Aren't frackers simply going to ramp back up the minute it touches $40 again? I don't see how anything other than say 2 years at $27 causes enough debt damage to US companies that they can't just flip the switch again. Aren't we in a perma-glut for 2 years until global growth can really ramp back up? As far as I can tell the glut is still getting worse every day and we don't even have Iran online yet.
A major war is all it would take, but I don't see any appetite for that at the moment.
As to your earlier comments about regulation, California, even Texas, and other states that produced a fair amount of oil in the past put in a fair bit of regulation to limit messes. The feds too put in some regulations, but GW Bush's administration stripped the agency that does the regulating so there are far fewer people to regulate the oil industry now. The oil boom states are ones that had little or no oil production in the past and there are few limits on what they can do, which is leading to a lot of problems. For example all the train fires can be easily fixed if the Dakotas simply copied a Texas law. The Bakkan oil has some highly flammable components produced (that are actually quite valuable). Texas requires any Texas oil put in a railcar to have some minimal refining to remove those highly flammable components. If the Dakotas required the same thing, we wouldn't see tanker cars burning every few months.

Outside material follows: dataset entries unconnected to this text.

Lemma r_th_lt_sqr_q_th : (2 * K <= P)%N -> r_th K P < q_th K P ^+ 2.
Proof.
move=> le2KP; rewrite q_thE r_thE expr2 mulf_div ltr_pdivrMr ?ltr0n ?bin_gt0 //.
rewrite mulrAC ltr_pdivlMr ?mulr_gt0 ?ltr0n ?bin_gt0 // -!natrM ltr_nat.
have leK_PK : (K <= P - K)%N by lia.
have := ltn_binB_binD K_gt0 leK_PK.
rewrite subnK // (_ : P - K - K = P - 2 * K)%N; last by lia.
by rewrite mulnA ltn_pmul2r ?bin_gt0.
Qed.
End KeyPoolParameters.

Theorem mainTheorem16 (K P n : nat) :
  (0 < K)%N -> (K <= P)%N -> 0 < p_th K P -> (3 <= n)%N ->
  let ratio := ET_rkg n K P / ET_er n (p_th K P) in
  let q := q_th K P in
  let r := r_th K P in
  [/\ ratio = CK K P / p_th K P,
      CK K P / p_th K P = 1 + (q ^+ 2 - r) / (1 - q) ^+ 3 * q,
      1 <= ratio,
      (ratio = 1 <-> (P < 2 * K)%N) &
      ((2 * K <= P)%N -> (P < 3 * K)%N -> ratio = 1 + (q / (1 - q)) ^+ 3)].
Proof.
move=> K_gt0 leKP p_gt0 n_ge3 ratio q r.
have gt0_1subq : 0 < 1 - q := p_gt0.
have ntriples_neq0 : #|@increasing3 n|%:R != 0 :> rat.
  by rewrite pnatr_eq0 -lt0n increasing3_gt0.
have ratioE : ratio = 1 + (q ^+ 2 - r) / (1 - q) ^+ 3 * q.
  rewrite /ratio ET_rkgE // ET_erE /p_th -/q -/r.
  by field; rewrite ntriples_neq0 gt_eqF.
have CKE : CK K P / p_th K P = 1 + (q ^+ 2 - r) / (1 - q) ^+ 3 * q.
  by rewrite /CK /beta_th /p_th -/q -/r; field; rewrite gt_eqF.
have excess_gt0 : (2 * K <= P)%N -> 0 < (q ^+ 2 - r) / (1 - q) ^+ 3 * q.
  move=> le2KP; rewrite mulr_gt0 ?q_th_gt0 // divr_gt0 ?exprn_gt0 //.
  by rewrite subr_gt0 r_th_lt_sqr_q_th.
have [ltP2K | le2KP] := ltnP P (2 * K).
  have excess0 : (q ^+ 2 - r) / (1 - q) ^+ 3 * q = 0 by rewrite /q q_th_small ?mulr0.
  by split; rewrite ?ratioE ?CKE ?excess0 ?addr0 //; lia.
split; rewrite ?ratioE ?CKE //.
- by rewrite lerDl ltW ?excess_gt0.
- split=> [|ltP2K]; last by lia.
  rewrite -[RHS]addr0 => /addrI excess0.
  by have := excess_gt0 le2KP; rewrite excess0 ltxx.
- by move=> _ ltP3K; rewrite /r r_th_small //; field; rewrite gt_eqF.
Qed.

As for fracking, if done right there is no threat to the water table or anything else. California has been doing it, with regulation, for a long time and you never hear about fracking problems there. Oil wells have casing that seal the well from the formations you pump the oil up through. It's in the best interest of the operator as well as the environment to have good casing. They want to get the oil out of the ground, not lose it into the ground surrounding the well. However, casing sometimes cracks, but a good well driller will pull the casing and replace it if that happens. In the new oil boom, there are some shady drillers who don't bother and they try to fake it.
With a cracked casing, the fracking fluids leak out to places where nobody wants them to go. It's estimated that less than 1% of fracking is done with cracked casing, but when there are thousands of wells being drilled, it amounts to a problem.
Another problem that exists in new oil fields that doesn't exist in states with more oil experience is that those states with experience have very strict laws on what operators have to do with stuff once it comes out of the ground. In the past operators would just dump produced water in giant open air ponds that would stink up the environment as well as leach nasty stuff back into the water table. There are strong laws in states like California and Texas that prevent that today, but not so much in a lot of other states. On the federal level there should be EPA inspectors who enforce federal laws like the Clean Water Act, but they have been so stripped they don't have the people to do the job anymore.
As for the price of oil, I think it will remain low until Putin topples from power. There is former reporter who I heard several years ago who has found evidence that one of the weapons used to bring down the USSR was the price of oil. The last Soviet finance minister told this reporter that the low price of oil through the 80s killed them financially. He also speculates that oil remained high regardless of demand from the mid-90s until recently to hurt China which has to import oil. Oil demand dropped like a rock after the 2008 economic crash, but the price remained high until just after Putin took the Crimea, then it shot down and Russia is in economic trouble today. Iran is also very dependent on high oil prices and this price crash is killing them too.